I created a new file called scripts/update_jump_label.[ch] based on some
of the work of recordmcount.c. This is executed at build time on all
object files just like recordmcount is. But it does not add any new
sections, it just modifies the code at build time to convert all jump
labels into nops.
The idea is in arch/x86/include/asm/jump_label.h to not place a nop, but
instead to insert a jmp to the label. Depending on how gcc optimizes the
code, the jmp will be either end up being a 2 byte or 5 byte jump.
After an object is compiled, update_jump_label is executed on this file
and it reads the ELF relocation table to find the jump label locations
and examines what jump was used. It then converts the jump into either a
2 byte or 5 byte nop that is appropriate.

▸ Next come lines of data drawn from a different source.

(* Under the assumptions below, and assuming $\mu$ is sufficiently large, the data $(X_i,U_i)$ are informative for the stabilizability of $A_C$ if and only if, for every $i\in\{1,\dots,N\}$, there exists a right inverse $X_i^{+}$ of $X_i$ (i.e. $X_iX_i^{+}=I$) such that $(X_i\mathcal{D}_{11}-E_iV)X_i^{+}$ is stable (Hurwitz).
   Context: Leader–follower multi-agent system with $N$ followers. Follower $i$: $\dot x_i=A_ix_i+B_iu_i+E_iv$, $e_i=C_ix_i+D_iu_i+F_iv$, with $x_i\in\mathbb{R}^{n_i}$, $u_i\in\mathbb{R}^{m_i}$, $e_i\in\mathbb{R}^{p}$; exosystem $\dot v=Sv$, $v\in\mathbb{R}^q$. The matrices $A_i,B_i,C_i,D_i$ are unknown; $E_i,F_i,S$ are known. Distributed controller: $u_i=K_{1i}x_i+K_{2i}\eta_i$, $\dot\eta_i=S\eta_i+\mu[\sum_j a_{ij}(\eta_j-\eta_i)+a_{i0}(v-\eta_i)]$. The Laplacian of the graph (leader node 0 plus followers) is $\mathcal{L}=\begin{bmatrix}0&0\\-[a_{10},\dots,a_{N0}]^T&H\end{bmatrix}$. The closed-loop matrix is $A_C=\begin{bmatrix}A+BK_1&BK_2\\0&(I_N\otimes S)-\mu(H\otimes I_q)\end{bmatrix}$ with $A=\mathrm{blockdiag}(A_i)$, $B=\mathrm{blockdiag}(B_i)$, $K_1=\mathrm{blockdiag}(K_{1i})$, $K_2=\mathrm{blockdiag}(K_{2i})$. Data: the signals on a time interval are expanded in an orthogonal polynomial basis (e.g. Chebyshev) truncated at degree $N$; $X_i\in\mathbb{R}^{n_i\times(N+1)}$, $U_i$, $V$ collect the first $N+1$ coefficient vectors of $x_i,u_i,v$, and $\mathcal{D}_{11}\in\mathbb{R}^{(N+1)\times(N+1)}$ is the leading block of the basis differentiation matrix. Exact data: $X_i\mathcal{D}_{11}=A_iX_i+B_iU_i+E_iV$. The data are informative for the stabilizability of $A_C$ if every $(A,B)$ consistent with the data (i.e. $X\mathcal{D}_{11}=AX+BU+E\bar V$ with stacked data, $\bar V=1_N\otimes V$) admits $K_1,K_2,\mu$ making $A_C$ Hurwitz. Assumptions: $S$ has no eigenvalues with negative real part; the directed weighted graph is unknown but contains a directed spanning tree rooted at the leader; there exist $\varepsilon_1,\varepsilon_2>0$ with $\varepsilon_1\le|\mathcal{L}_{ij}|\le\varepsilon_2$ for all nonzero entries of $\mathcal{L}$. *)

From HB Require Import structures.
From mathcomp Require Import all_boot all_order all_algebra.
From mathcomp Require Import complex.
Set Implicit Arguments. Unset Strict Implicit. Unset Printing Implicit Defensive.
Import Order.TTheory GRing.Theory Num.Theory.
Local Open Scope ring_scope.

Definition eigenC (R : rcfType) (k : nat) (M : 'M[R]_k) (z : R[i]) : bool :=
  root (char_poly (map_mx (real_complex R) M)) z.

Definition hurwitz (R : rcfType) (k : nat) (M : 'M[R]_k) : Prop :=
  forall z : R[i], eigenC M z -> complex.Re z < 0.

Definition bdiag_blk (R : rcfType) (N : nat) (p r : 'I_N -> nat)
    (F : forall i, 'M[R]_(p i, r i)) (i j : 'I_N) : 'M[R]_(p i, r j) :=
  match i =P j with
  | ReflectT e => castmx (erefl (p i), congr1 r e) (F i)
  | ReflectF _ => 0
  end.

Definition bdiag (R : rcfType) (N : nat) (p r : 'I_N -> nat)
    (F : forall i, 'M[R]_(p i, r i)) : 'M[R]_(\sum_i p i, \sum_i r i) :=
  \mxblock_(i < N, j < N) bdiag_blk F i j.

(* Graph: a i j = weight of the edge j -> i among followers (i receives
   from j), a0 i = weight of the edge leader -> follower i.
   H is the follower block of the Laplacian L (diagonal of L over followers:
   sum of incoming weights from other followers plus the leader weight). *)
Definition lapH (R : rcfType) (N : nat) (a : 'I_N -> 'I_N -> R) (a0 : 'I_N -> R)
  : 'M[R]_N :=
  \matrix_(i, j) (if i == j then (\sum_(k < N | k != i) a i k) + a0 i
                  else - a i j).

(* Directed edges on the node set {leader = None} U followers. *)
Definition gedge (R : rcfType) (N : nat) (a : 'I_N -> 'I_N -> R) (a0 : 'I_N -> R)
  : rel (option 'I_N) :=
  fun u v => match u, v with
             | None, Some i => 0 < a0 i
             | Some j, Some i => (j != i) && (0 < a i j)
             | _, _ => false
             end.

(* The graph contains a directed spanning tree rooted at the leader
   (equivalently: every follower is reachable from the leader). *)
Definition spanning_tree_from_leader (R : rcfType) (N : nat)
    (a : 'I_N -> 'I_N -> R) (a0 : 'I_N -> R) : Prop :=
  forall i : 'I_N, connect (gedge a a0) None (Some i).

(* Entrywise bounds on the nonzero entries of the full Laplacian
   L = [0 0; -a0 H] . *)
Definition laplacian_bounds (R : rcfType) (N : nat)
    (a : 'I_N -> 'I_N -> R) (a0 : 'I_N -> R) (eps1 eps2 : R) : Prop :=
  (forall i j, lapH a a0 i j != 0 -> eps1 <= `|lapH a a0 i j| <= eps2) /\
  (forall i, a0 i != 0 -> eps1 <= `|a0 i| <= eps2).

Definition closed_loop (R : rcfType) (N q : nat) (n m : 'I_N -> nat)
    (A : forall i, 'M[R]_(n i)) (B : forall i, 'M[R]_(n i, m i))
    (K1 : forall i, 'M[R]_(m i, n i)) (K2 : forall i, 'M[R]_(m i, q))
    (S : 'M[R]_q) (H : 'M[R]_N) (mu : R)
  : 'M[R]_((\sum_i n i) + (\sum_(i < N) q)) :=
  block_mx (bdiag A + bdiag B *m bdiag K1) (bdiag B *m bdiag K2)
           0 (bdiag (fun _ : 'I_N => S)
              - mu *: \mxblock_(i < N, j < N) ((H i j)%:M : 'M[R]_q)).

Definition consistent (R : rcfType) (ni mi q T : nat)
    (Xi : 'M[R]_(ni, T)) (Ui : 'M[R]_(mi, T)) (V : 'M[R]_(q, T))
    (D11 : 'M[R]_T) (Ei : 'M[R]_(ni, q))
    (Ai : 'M[R]_ni) (Bi : 'M[R]_(ni, mi)) : Prop :=
  Xi *m D11 = Ai *m Xi + Bi *m Ui + Ei *m V.

Definition informative (R : rcfType) (N q T : nat) (n m : 'I_N -> nat)
    (X : forall i, 'M[R]_(n i, T)) (U : forall i, 'M[R]_(m i, T))
    (V : 'M[R]_(q, T)) (D11 : 'M[R]_T) (E : forall i, 'M[R]_(n i, q))
    (S : 'M[R]_q) (H : 'M[R]_N) (mu : R) : Prop :=
  exists (K1 : forall i, 'M[R]_(m i, n i)) (K2 : forall i, 'M[R]_(m i, q)),
    forall (A : forall i, 'M[R]_(n i)) (B : forall i, 'M[R]_(n i, m i)),
      (forall i, consistent (X i) (U i) V D11 (E i) (A i) (B i)) ->
      hurwitz (closed_loop A B K1 K2 S H mu).

(* Sufficiency.  Take K1_i := U_i X_i^+ and K2 := 0.  For every (A_i, B_i)
   consistent with the data, A_i + B_i K1_i = (X_i D11 - E_i V) X_i^+, and A_C is
   block upper triangular, so it is Hurwitz once the observer block
   (I_N ⊗ S) - mu (H ⊗ I_q) is.  If z is an eigenvalue of that block, stacking an
   eigenvector into a matrix W gives W S = (z + mu H^T) W with W <> 0, so by
   Cayley-Hamilton z = s - mu lam for eigenvalues s of S and lam of H.  Now
   Re s <= sum |S_ij|, and Re lam is bounded below by a margin depending only on
   N, eps1, eps2: walking back from a maximal entry of an eigenvector u of H along
   a path of length L < N from the leader, the relative deficit 1 - |u_j| / max |u|
   stays below (Re lam) K^L for a fixed K, while at the child of the leader the
   eigen-equation forces eps1 <= eps2 * deficit + Re lam.  This yields a uniform
   threshold mu0.

   Necessity.  The data fix (A_i, B_i) only up to perturbations with
   dA X_i + dB U_i = 0.  Unless [I; K1_i] = [X_i; U_i] D, one such perturbation
   shifts A_i + B_i K1_i by c G G^T with G <> 0; for large c the trace becomes
   positive, contradicting stability.  Hence X_i D = I and
   (X_i D11 - E_i V) D = A_i + B_i K1_i is Hurwitz. *)

From HB Require Import structures.
From mathcomp Require Import all_boot all_order all_algebra.
From mathcomp Require Import complex.
From mathcomp.algebra_tactics Require Import ring lra.
Set Implicit Arguments. Unset Strict Implicit. Unset Printing Implicit Defensive.
Import Order.TTheory GRing.Theory Num.Theory.
Local Open Scope ring_scope.
Local Notation "x %:C" := (real_complex _ x) : ring_scope.

Section ComplexModulus.
Variable R : rcfType.
Implicit Types (x y : R[i]) (r : R).
Local Notation normc := (@Normc.normc R).
Local Notation Re := (@complex.Re R).

Lemma normc_ge0 x : 0 <= normc x.
Proof. exact: (@normr_ge0 _ (Rcomplex R)). Qed.

Lemma normc_eq0 x : (normc x == 0) = (x == 0).
Proof. exact: (@normr_eq0 _ (Rcomplex R)). Qed.

Lemma normc_sum (I : Type) (s : seq I) (P : pred I) (F : I -> R[i]) :
  normc (\sum_(i <- s | P i) F i) <= \sum_(i <- s | P i) normc (F i).
Proof. exact: (@ler_norm_sum _ (Rcomplex R)). Qed.

Lemma normc_real r : normc r%:C = `|r|.
Proof. by rewrite /= expr0n /= addr0 sqrtr_sqr. Qed.

Lemma Re_le_normc x : Re x <= normc x.
Proof.
case: x => a b /=; apply: le_trans (ler_norm a) _.
by rewrite -sqrtr_sqr ler_wsqrtr // lerDl sqr_ge0.
Qed.

Lemma ReB x y : Re (x - y) = Re x - Re y.
Proof. exact: (@raddfB _ _ (Re : Rcomplex R -> R)). Qed.

Lemma Re_sum (s : seq R[i]) : Re (\sum_(x <- s) x) = \sum_(x <- s) Re x.
Proof. exact: (@raddf_sum _ _ (Re : Rcomplex R -> R)). Qed.

Lemma Re_realM r x : Re (r%:C * x) = r * Re x.
Proof. by case: x => a b /=; rewrite mul0r subr0. Qed.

At boot time, the jump labels no longer need to be converted (although
we may do so in the future to use better nops depending on the machine
that is used). When jump labels are enabled, the code is examined to see
if a two byte or 5 byte version was used, and the appropriate update is
made.
I just booted this patch and it worked. I was able to enable and disable
trace points using jump labels. Benchmarks are welcomed :)
Comments and thoughts?
-- Steve
Sloppy-signed-off-by: Steven Rostedt <rostedt@goodmis.org>
diff --git a/Makefile b/Makefile
index 31f967c..8368f42 100644
--- a/Makefile
+++ b/Makefile
@@ -245,7 +245,7 @@ CONFIG_SHELL := $(shell if [ -x "$$BASH" ]; then
echo $$BASH; \
 
 HOSTCC       = gcc
 HOSTCXX      = g++
-HOSTCFLAGS   = -Wall -Wmissing-prototypes -Wstrict-prototypes -O2
-fomit-frame-pointer
+HOSTCFLAGS   = -Wall -Wmissing-prototypes -Wstrict-prototypes -g
-fomit-frame-pointer
 HOSTCXXFLAGS = -O2
 
 # Decide whether to build built-in, modular, or both.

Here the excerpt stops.